CRIET : un jugement expéditif qui ne clôt pas le dossier, le magistrat Dogo Henry justifie la poursuite de la procédure au Togo

Dans une analyse juridique particulièrement éclairante, le procureur Dogo Henry (magistrat togolais du ministère public) s’est prêté à l’exercice du décryptage de la justice expéditive orchestrée par le Bénin à la suite de l’acte malveillant ayant visé un citoyen béninois, Steve Amoussou, sur le territoire togolais. En s’appuyant sur les éléments factuels de l’affaire et sur les principes fondamentaux du droit, Dogo Henry a soulevé de sérieuses questions quant à la régularité de la procédure engagée par la Cour de répression des infractions économiques et du terrorisme (CRIET) du Bénin. La question de fond décortiquée porte sur le jugement de deux des ravisseurs de Steve Amoussou : ce jugement met-il fin à la procédure engagée par le procureur de Lomé ?

Le magistrat Dogo Henry a, dans son intervention, notamment souligné la rapidité avec laquelle la procédure béninoise s’est déroulée, ainsi que le caractère sommaire des preuves présentées. Selon lui, ces éléments laissent légitimement penser que les autorités béninoises avaient d’autres objectifs que la simple recherche de la vérité et la sanction pénale des auteurs de ces faits graves.

Une violation de la souveraineté nationale

Dogo Henry a rappelé que les faits en question constituent une violation grave de la souveraineté nationale du Togo, et de l’intégrité territoriale.

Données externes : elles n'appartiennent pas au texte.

Lemma theta_antitone n a b : (N3 <= n)%N -> (1 <= a)%N -> (a <= b <= q n)%N ->
  theta n b <= theta n a.
Proof.
move=> le_N3n a_ge1 /andP[]; elim: b => [|b IHb]; first by case: a a_ge1.
rewrite leq_eqVlt => /predU1P[-> //|lt_ab] b_lt.
apply: le_trans (IHb lt_ab (ltnW b_lt)).
exact: assumption3 (leq_trans a_ge1 lt_ab) b_lt.
Qed.

Lemma theta_step_le l n : diverges l -> (K <= n)%N -> (1 <= l n)%N ->
  (step (l n) <= dn n)%N -> 0 < theta n (l n) ->
  theta n (step (l n)) <= eta * theta n (l n).
Proof.
move=> l_div le_Kn l_ge1 step_le th_gt0.
have l_le_dn : (l n <= dn n)%N := leq_trans (step_ge _) step_le.
have /= := decay (diverges_minn l_div dn_diverges) (fun n => geq_minr _ _) le_Kn.
rewrite (minn_idPl l_le_dn) !theta_extE ?(ler_pdivrMr _ _ th_gt0) 1?mulrC //.
  by rewrite l_ge1 (leq_trans l_le_dn (dn_le_q n)).
by rewrite (leq_trans l_ge1 (step_ge _)) (leq_trans step_le (dn_le_q n)).
Qed.

Lemma theta_iter_le l n i : diverges l -> (K <= n)%N -> (N3 <= n)%N -> (1 <= l n)%N ->
  (iter i step (l n) <= dn n)%N -> 0 < theta n (iter i step (l n)) ->
  theta n (iter i step (l n)) <= eta ^+ i * theta n (l n).
Proof.
move=> l_div le_Kn le_N3n l_ge1; elim: i => [|i IHi] iter_le th_gt0.
  by rewrite mul1r.
have l_le_iter j : (l n <= iter j step (l n))%N := leq_iter _ step_ge (leq0n j).
set b := iter i step (l n) in IHi *.
have b_ge1 : (1 <= b)%N := leq_trans l_ge1 (l_le_iter i).
have b_le : (b <= dn n)%N := leq_trans (step_ge b) iter_le.
have thb_gt0 : 0 < theta n b.
  apply: lt_le_trans th_gt0 (theta_antitone le_N3n b_ge1 _).
  by rewrite step_ge (leq_trans iter_le (dn_le_q n)).
have b_div : diverges (fun n => iter i step (l n)).
  exact: diverges_leq l_div (fun n => leq_iter _ step_ge (leq0n i)).
rewrite iterS exprS -mulrA.
apply: le_trans (theta_step_le b_div le_Kn b_ge1 iter_le thb_gt0) _.
by rewrite ler_wpM2l // IHi.
Qed.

Soulignons avec force que le respect de la souveraineté nationale et de l’intégrité territoriale constitue un principe important inscrit dans la Charte des Nations Unies et la pierre angulaire des relations internationales. Ces violations, que certains États belliqueux peuvent facilement interpréter comme un casus belli,  nécessitaient une réponse judiciaire approfondie et respectueuse des principes du droit international. Or, la procédure béninoise semble avoir privilégié la célérité au détriment de la rigueur juridique.

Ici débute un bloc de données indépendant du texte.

Definition ideal_cap (k : nat) (I : 'I_k -> R -> Prop) : R -> Prop :=
  fun x => forall i, I i x.

Definition ideal_prod (k : nat) (I : 'I_k -> R -> Prop) : R -> Prop :=
  fun x => exists (s : nat) (f : 'I_s -> 'I_k -> R),
    (forall j i, I i (f j i)) /\ x = \sum_(j < s) \prod_(i < k) f j i.

Definition comaximal (I J : R -> Prop) : Prop :=
  exists a b, I a /\ J b /\ a + b = 1.

End Ideals.

From mathcomp Require Import all_boot all_order all_algebra.
From mathcomp Require Import zify ring.
From Stdlib Require Import FunctionalExtensionality PropExtensionality.
Import GRing.Theory.
Local Open Scope ring_scope.
Set Implicit Arguments. Unset Strict Implicit.

(* Merging two factors x_a, x_b of a nonzero product x_1...x_m in I (m > n + 1)
   into the single factor x_a x_b and arguing by induction on m, we find n of
   the resulting factors with product in I. If the merged factor is among them,
   the n + 1 original factors involved have a nonzero product in I, and the
   weakly n-absorbing property drops one of them. This gives (1) and (2); for
   (3), collecting n_i factors with product in I_i for each i gives at most
   n_1 + ... + n_k factors whose product lies in every I_i. A weakly prime ideal
   is weakly 1-absorbing, and (4) reduces to (3) because pairwise comaximal
   ideals have product equal to their intersection: P_1 is comaximal with
   P_2 ... P_n, so every x in the intersection is x a + x b with a in P_1 and
   b in P_2 ... P_n. *)

Lemma card_bigcup_leq_sum (J T : finType) (S : J -> {set T}) :
  (#|\bigcup_j S j| <= \sum_j #|S j|)%N.
Proof.
apply: (big_ind2 (fun (A : {set T}) (n : nat) => #|A| <= n)%N) => //.
  by rewrite cards0.
move=> A1 n1 A2 n2 leA1 leA2; apply: leq_trans (leq_card_setU A1 A2) _.
exact: leq_add.
Qed.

Une coopération judiciaire internationale insuffisante

Dogo Henry a relevé que l’État togolais, en tant que victime directe de ces agissements, aurait pu et dû faire valoir ses droits et intérêts dans le cadre d’une coopération judiciaire internationale plus étroite avec le Bénin. Une telle coopération aurait permis de mener une enquête approfondie et de garantir un procès équitable aux suspects, tout en respectant les droits de l’État togolais.

“Si j’ai bonne mémoire, le 5 avril 2018, la police togolaise avait appréhendé 13 présumés cybercriminels communément appelés « Gaymen » qui s’étaient réfugiés au Togo. Ils ont été remis aux autorités policières béninoises (Quotidien béninois d’Information, d’Analyses et de publicité, N°107 du 6 avril 2018, p.7) en vertu de l’article 11 § 1 de l’accord de coopération en matière de police criminelle entre les Etats de la CEDEAO signé le 19 décembre 2003 à Accra. C’est donc inadmissible qu’en dépit de cet instrument juridique communautaire pertinent, que des étrangers entrent sur le territoire togolais pour enlever une personne et traverser la frontière sans que personne ne le sache. Excusez du peu ! C’est trop facile !”, fustige-t-il.

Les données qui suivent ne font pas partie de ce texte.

Lemma homAB_T N p : homAB N p -> homAB N.+1 (polyT * p).
Proof.
elim: N p => [|N IH] p /=.
  move=> [c ->]; exists c, 0; split; first exact: (homAB0 0).
  by rewrite mulr0 addr0 -mul_polyC mulrC.
move=> [c [p' [hp ->]]]; exists c, (polyT * p'); split; first exact: IH.
by rewrite mulrDr -scalerAr -exprS mulrCA.
Qed.

Lemma homAB_B N p : homAB N p -> homAB N.+1 (polyB * p).
Proof.
by move=> hp; rewrite polyBE mulrDl; apply: homABD; [apply: homAB_A|apply: homAB_T].
Qed.

Lemma homAB_AB N k : (k <= N)%N -> homAB N (polyA ^+ k * polyB ^+ (N - k)).
Proof.
elim: N k => [|N IH] k.
  by rewrite leqn0 => /eqP ->; exists 1; rewrite !expr0 mulr1.
rewrite leq_eqVlt => /orP [/eqP ->|]; last first.
  by rewrite ltnS => lekN; rewrite subSn // exprS mulrCA; apply/homAB_B/IH.
rewrite subnn expr0 mulr1 exprS; apply: homAB_A.
by have := IH N (leqnn N); rewrite subnn expr0 mulr1.
Qed.

Lemma polyT_lin : polyT = 2%:P * 'X + 1.
Proof. by rewrite /polyT addrC mul_polyC scaler_nat. Qed.

Lemma size_polyTX N : size (polyT ^+ N) = N.+1.
Proof.
have sizeT : size polyT = 2 by rewrite polyT_lin -polyC1 size_MXaddC size_polyC oner_eq0 andbF.
have TN_neq0 : polyT ^+ N != 0 by rewrite expf_neq0 // -size_poly_eq0 sizeT.
by rewrite -(prednK ((etrans (size_poly_gt0 _) TN_neq0))) size_exp sizeT mul1n.
Qed.

Lemma coef0_polyTX N : (polyT ^+ N)`_0 = 1.
Proof. by rewrite -horner_coef0 horner_exp polyT_lin !hornerE expr1n. Qed.

Lemma lead_coef_polyTX N : lead_coef (polyT ^+ N) = 2 ^+ N.
Proof.
rewrite lead_coef_exp polyT_lin lead_coefDl ?lead_coefMX ?lead_coefC //.
by rewrite size_polyC size_mulX ?polyC_eq0 // size_polyC.
Qed.

Lemma size_homAB N p : homAB N p -> (size p <= N.*2.+1)%N.
Proof.
elim: N p => [|N IH] p /=.
  by move=> [c ->]; rewrite size_polyC; case: (c != 0).
move=> [c [q [hq ->]]]; apply: (leq_trans (size_add _ _)); rewrite geq_max.
apply/andP; split.
  by apply: (leq_trans (size_scale_leq _ _)); rewrite size_polyTX; lia.
apply: (leq_trans (size_mul_leq _ _)); rewrite size_polyXn.
by rewrite !addSn add0n doubleS !ltnS; apply: IH.
Qed.

Lemma homAB_low_degree N p : homAB N p -> (size p <= N.+1)%N -> p = p`_0 *: polyT ^+ N.
Proof.
elim: N p => [|N IH] p /=.
  by move=> [c ->] _; rewrite expr0 coefC alg_polyC.
move=> [c [q [hq ->]]] sp.
suff -> : q = 0 by rewrite mulr0 addr0 coefZ coef0_polyTX mulr1.
apply: contraTeq sp => q_neq0; rewrite -ltnNge.
have sAq : size (polyA * q) = (size q).+2.
  by rewrite size_mul ?size_polyXn // -size_poly_eq0 size_polyXn.
have [sq|ltNq] := leqP (size q) N.
  have qE := IH q hq (leqW sq).
  have q0_neq0 : q`_0 != 0 by apply: contraNneq q_neq0 => q0; rewrite qE q0 scale0r.
  by move: sq; rewrite qE size_scale // size_polyTX ltnn.
rewrite addrC size_addl; first by rewrite sAq.
by rewrite sAq (leq_ltn_trans (size_scale_leq _ _)) // size_polyTX; lia.
Qed.

Lemma size_1addX : size (1 + 'X : {poly int}) = 2.
Proof. by rewrite addrC -polyC1 size_XaddC. Qed.

Lemma homAB_coef0_eq0 N Q (c d : int) : homAB N Q -> 0 < c -> 0 < d ->
  (forall r, (N.+1 < r <= N.*2.+1)%N -> ((1 + 'X) * Q)`_r = 0) ->
  ((1 + 'X) * Q)`_N.+1 * c = - (d * Q`_0) -> Q`_0 = 0.
Proof.
move=> hQ c_gt0 d_gt0 top_eq0 edge.
have [->|Q_neq0] := eqVneq Q 0; first by rewrite coef0.
have X1_neq0 : 1 + 'X != 0 :> {poly int} by rewrite -size_poly_eq0 size_1addX.
have sizeXQ : size ((1 + 'X) * Q) = (size Q).+1 by rewrite size_mul // size_1addX.
have sQ : (size Q <= N.+1)%N.
  rewrite -ltnS -sizeXQ; apply/leq_sizeP => r lt_Nr.
  have [le_r|lt_r] := leqP r N.*2.+1; first by apply: top_eq0; rewrite lt_Nr.
  apply: (leq_sizeP _ _ _ _ lt_r) => //.
  by rewrite sizeXQ ltnS; apply: size_homAB.
have top : ((1 + 'X) * polyT ^+ N)`_N.+1 = 2 ^+ N.
  have TN_neq0 : polyT ^+ N != 0 by rewrite -size_poly_eq0 size_polyTX.
  have lead1X : lead_coef (1 + 'X : {poly int}) = 1.
    by rewrite addrC -polyC1 lead_coefXaddC.
  have := lead_coefM (1 + 'X) (polyT ^+ N).
  by rewrite lead1X lead_coef_polyTX mul1r lead_coefE size_mul // size_1addX size_polyTX.
move: edge; rewrite {1}(homAB_low_degree hQ sQ) -scalerAr coefZ top -mulrA [d * _]mulrC.
move/eqP; rewrite -subr_eq0 opprK -mulrDr mulf_eq0 => /orP[/eqP //|].
by rewrite (negbTE (lt0r_neq0 _)) // addr_gt0 // mulr_gt0 // exprn_gt0.
Qed.

End HomogeneousAB.

Section Supports.
Variable F : finFieldType.
Local Open Scope ring_scope.

Definition supp n (x : 'rV[F]_n) : {set 'I_n} := [set k | x 0 k != 0].

Definition subcode n (D : {vspace 'rV[F]_n}) (S : {set 'I_n}) : {set 'rV[F]_n} :=
  [set x | (x \in D) && (supp x \subset S)].

Lemma card_subcode_sum n (D : {vspace 'rV[F]_n}) S :
  #|subcode D S| = (\sum_(x in D) (supp x \subset S))%N.
Proof. by rewrite sum_nat_indicator; apply: eq_card => x; rewrite !inE. Qed.

Lemma card_rowspace m n (A : 'M[F]_(m, n)) :
  #|[set x : 'rV[F]_n | (x <= A)%MS]| = (#|F| ^ \rank A)%N.
Proof.
have -> : [set x : 'rV[F]_n | (x <= A)%MS] = (mulmxr (row_base A)) @: setT.
  apply/setP => x; rewrite inE -(eq_row_base A); apply/idP/imsetP.
    by move=> /submxP[u ->]; exists u; rewrite ?inE.
  by move=> [u _ ->]; rewrite submxMl.
rewrite card_imset; last exact: row_free_inj (row_base_free A).
by rewrite cardsT card_mx mul1n.
Qed.

Lemma card_kermx m n (A : 'M[F]_(m, n)) :
  #|[set y : 'rV[F]_m | y *m A == 0]| = (#|F| ^ (m - \rank A))%N.
Proof. by rewrite -mxrank_ker -card_rowspace; apply: eq_card => y; rewrite !inE sub_kermx. Qed.

Lemma card_supp_sub n (S : {set 'I_n}) :
  #|[set x : 'rV[F]_n | supp x \subset S]| = (#|F| ^ #|S|)%N.
Proof.
pose toRow (f : {ffun 'I_n -> F}) : 'rV[F]_n := \row_k f k.
have toRow_inj : injective toRow.
  by move=> f g /rowP e; apply/ffunP => k; have := e k; rewrite !mxE.
have -> : [set x : 'rV[F]_n | supp x \subset S] = toRow @: pffun_on 0 S F.
  apply/setP => x; rewrite inE; apply/idP/imsetP.
    move=> /subsetP xS; exists [ffun k => x 0 k]; last by apply/rowP => k; rewrite !mxE ffunE.
    apply/pffun_onP; split => //; apply/subsetP => k.
    by rewrite inE ffunE => nz; apply: xS; rewrite inE.
  move=> [f /pffun_onP[/subsetP fS _] ->]; apply/subsetP => k.
  by rewrite inE mxE => nz; apply: fS; rewrite inE.
by rewrite card_imset // card_pffun_on.
Qed.

Definition diag_set_mx n (S : {set 'I_n}) : 'M[F]_n := diag_mx (\row_k (k \in S)%:R).

Lemma submx_diag_set n (S : {set 'I_n}) (x : 'rV[F]_n) :
  (x <= diag_set_mx S)%MS = (supp x \subset S).
Proof.
apply/idP/subsetP => [/submxP[u ->] k|xS].
  by rewrite inE mul_mx_diag !mxE; case: (k \in S); rewrite ?mulr0 ?eqxx.
apply/submxP; exists x; apply/rowP => k; rewrite mul_mx_diag !mxE.
have [//|kS] := boolP (k \in S); first by rewrite mulr1.
by rewrite mulr0; apply/eqP; apply: contraNT kS => nz; apply: xS; rewrite inE.
Qed.

Lemma rank_diag_set n (S : {set 'I_n}) : \rank (diag_set_mx S) = #|S|.
Proof.
have q_gt1 : (1 < #|F|)%N by rewrite (cardD1 0) (cardD1 1) !inE oner_neq0.
apply: (expnI q_gt1); rewrite -card_rowspace -card_supp_sub.
by apply: eq_card => x; rewrite !inE submx_diag_set.
Qed.

Lemma mul_tr_diag_set_eq0 n (S : {set 'I_n}) (y : 'rV[F]_n) :
  (y *m (diag_set_mx S)^T == 0) = (supp y \subset ~: S).
Proof.
rewrite tr_diag_mx mul_mx_diag; apply/eqP/subsetP => [/rowP yS0 k|yS].
  rewrite !inE => nz; apply/negP => kS.
  by have := yS0 k; rewrite !mxE kS mulr1 => /eqP; rewrite (negbTE nz).
apply/rowP => k; rewrite !mxE; have [kS|] := boolP (k \in S); last by rewrite mulr0.
have [->|nz] := eqVneq (y 0 k) 0; first by rewrite mul0r.
by have := yS k; rewrite !inE nz kS => /(_ isT).
Qed.

End Supports.

Arguments diag_set_mx {F n} S.

Definition num_weight_nz (F : finFieldType) n (D : {vspace 'rV[F]_n}) w (k : 'I_n) : nat :=
  #|[set x : 'rV[F]_n | [&& x \in D, wt x == w & x 0%R k != 0%R]]|.

Section WeightCounting.
Variables (F : finFieldType) (n : nat) (D : {vspace 'rV[F]_n}) (w : nat).
Local Open Scope ring_scope.

Lemma sum_num_weight_nz : (\sum_(k < n) num_weight_nz D w k = w * num_weight D w)%N.
Proof.
have nzE k : num_weight_nz D w k = (\sum_(x | (x \in D) && (wt x == w)) (x 0%R k != 0%R))%N.
  by rewrite sum_nat_indicator; apply: eq_card => x; rewrite !inE andbA.
under eq_bigr do rewrite nzE.
rewrite exchange_big (eq_bigr (fun _ => w)) => [|x /andP[_ /eqP <-]]; last first.
  by rewrite sum_nat_indicator; apply: eq_card => k; rewrite !inE.
by rewrite sum_nat_cond_const mulnC.
Qed.

Lemma wtZ (c : F) (x : 'rV[F]_n) : c != 0 -> wt (c *: x) = wt x.
Proof. by move=> c_neq0; apply: eq_card => k; rewrite !inE mxE mulf_eq0 negb_or c_neq0. Qed.

Lemma num_weight_nzE k : num_weight_nz D w k =
  (#|F|.-1 * #|[set x : 'rV[F]_n | [&& x \in D, wt x == w & x 0%R k == 1%R]]|)%N.
Proof.
set D1 := [set x | _].
have -> : num_weight_nz D w k = #|(fun p : F * 'rV[F]_n => p.1 *: p.2) @: setX [set~ 0] D1|.
  congr #|pred_of_set _|; apply/setP => y; rewrite inE; apply/idP/imsetP.
    move=> /and3P[yD wy yk]; exists (y 0 k, (y 0 k)^-1 *: y).
      by rewrite !inE /= yk memvZ // wtZ ?invr_eq0 // wy mxE mulVf ?eqxx.
    by rewrite /= scalerA divff // scale1r.
  move=> [[c x]] /[!inE] /andP[/= c_neq0 /and3P[xD wx /eqP xk]] ->.
  by rewrite memvZ // wtZ // wx mxE xk mulr1.
rewrite card_in_imset ?cardsX ?cardsC1 ?card_ord //.
move=> [c x] [c' x'] /[!inE] /andP[/= _ /and3P[_ _ /eqP xk]].
move=> /andP[/= c'_neq0 /and3P[_ _ /eqP x'k]] /= e.
have ecc' : c = c' by have := congr1 (fun v : 'rV[F]_n => v 0 k) e; rewrite !mxE xk x'k !mulr1.
by move: e; rewrite ecc' => /(scalerI c'_neq0) ->.
Qed.

End WeightCounting.

Section HermitianSelfDual.
Variable F : finFieldType.
Hypothesis F4 : #|F| = 4%N.
Variables (n : nat) (D : {vspace 'rV[F]_n}).
Hypothesis sdD : herm_self_dual D.
Local Open Scope ring_scope.

Lemma pchar2_F4 : (2 \in [pchar F])%N.
Proof. exact: (@card_finPcharP F 2 2). Qed.

Local Notation frob := (pFrobenius_aut pchar2_F4).

Lemma expr4_F4 (a : F) : a ^+ 4 = a.
Proof. by have := expf_card a; rewrite F4. Qed.

Lemma frobK : involutive frob.
Proof. by move=> a; rewrite !pFrobenius_autE -exprM expr4_F4. Qed.

Definition conjv (x : 'rV[F]_n) : 'rV[F]_n := map_mx frob x.

Lemma conjvK : involutive conjv.
Proof. by move=> x; apply/rowP => k; rewrite !mxE frobK. Qed.

Lemma supp_conjv (x : 'rV[F]_n) : supp (conjv x) = supp x.
Proof. by apply/setP => k; rewrite !inE mxE pFrobenius_autE expf_eq0. Qed.

Lemma herm_xx (x : 'rV[F]_n) : herm x x = (wt x)%:R.
Proof.
rewrite /herm /wt -sum1_card natr_sum (bigID (fun k => x 0 k != 0)) /=.
rewrite [X in _ + X]big1 ?addr0 => [|k /negPn/eqP ->]; last by rewrite mul0r.
apply: eq_big => [k|k nz]; first by rewrite inE.
by apply: (mulfI nz); rewrite mulr1 -!exprS expr4_F4.
Qed.

Lemma even_wt (x : 'rV[F]_n) : x \in D -> ~~ odd (wt x).
Proof.
move=> xD; have xx0 : herm x x = 0 by apply/(proj1 (sdD x)).
by rewrite -dvdn2 (dvdn_pcharf pchar2_F4) -herm_xx xx0.
Qed.

(* Conjugating the codewords turns the Hermitian form into a bilinear one. *)
Definition code_mx : 'M[F]_(#|D|, n) := \matrix_(i < #|D|) conjv (enum_val i).

Lemma memv_code_mx (y : 'rV[F]_n) : (y \in D) = (y *m (code_mx)^T == 0).
Proof.
have herm_code i : (y *m code_mx^T) 0 i = herm y (enum_val i).
  by rewrite /herm mxE; apply: eq_bigr => k _; rewrite !mxE.
apply/idP/eqP => [yD|/rowP y0].
  by apply/rowP => i; rewrite herm_code mxE; apply: (proj1 (sdD y)) => //; apply: enum_valP.
apply/(proj2 (sdD y)) => u uD.
by rewrite -(enum_rankK_in (mem0v D) uD) -herm_code y0 mxE.
Qed.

Au Togo, la procédure suit son cours

Énumérant les cas qui gouvernent l’extinction de l’action publique, Dogo Henry s’est appesanti sur celui de la chose jugée lié au principe d’ordre public universel, désigné dans le jargon judiciaire par l’expression juridique latine « non bis in idem » ou « ne bis in idem ». Cette règle « non bis in idem » est un principe classique de la procédure pénale, déjà connu du droit romain, d’après lequel « nul ne peut être poursuivi ou puni pénalement à raison des mêmes faits ». Ledit principe a été évoqué à raison dans la décision rendue par le Bénin indubitablement pour couper l’herbe sous les pieds de la justice togolaise et forcer la fin de sa procédure engagée dans la même affaire.

Sauf qu’au-delà de l’universalité de ce principe, des exceptions subsistent, lesquelles auraient, d’après le magistrat Dogo, échappé à la religion du très controversé et suffisant Procureur spécial de la Criet, Elomn Mario Metonou.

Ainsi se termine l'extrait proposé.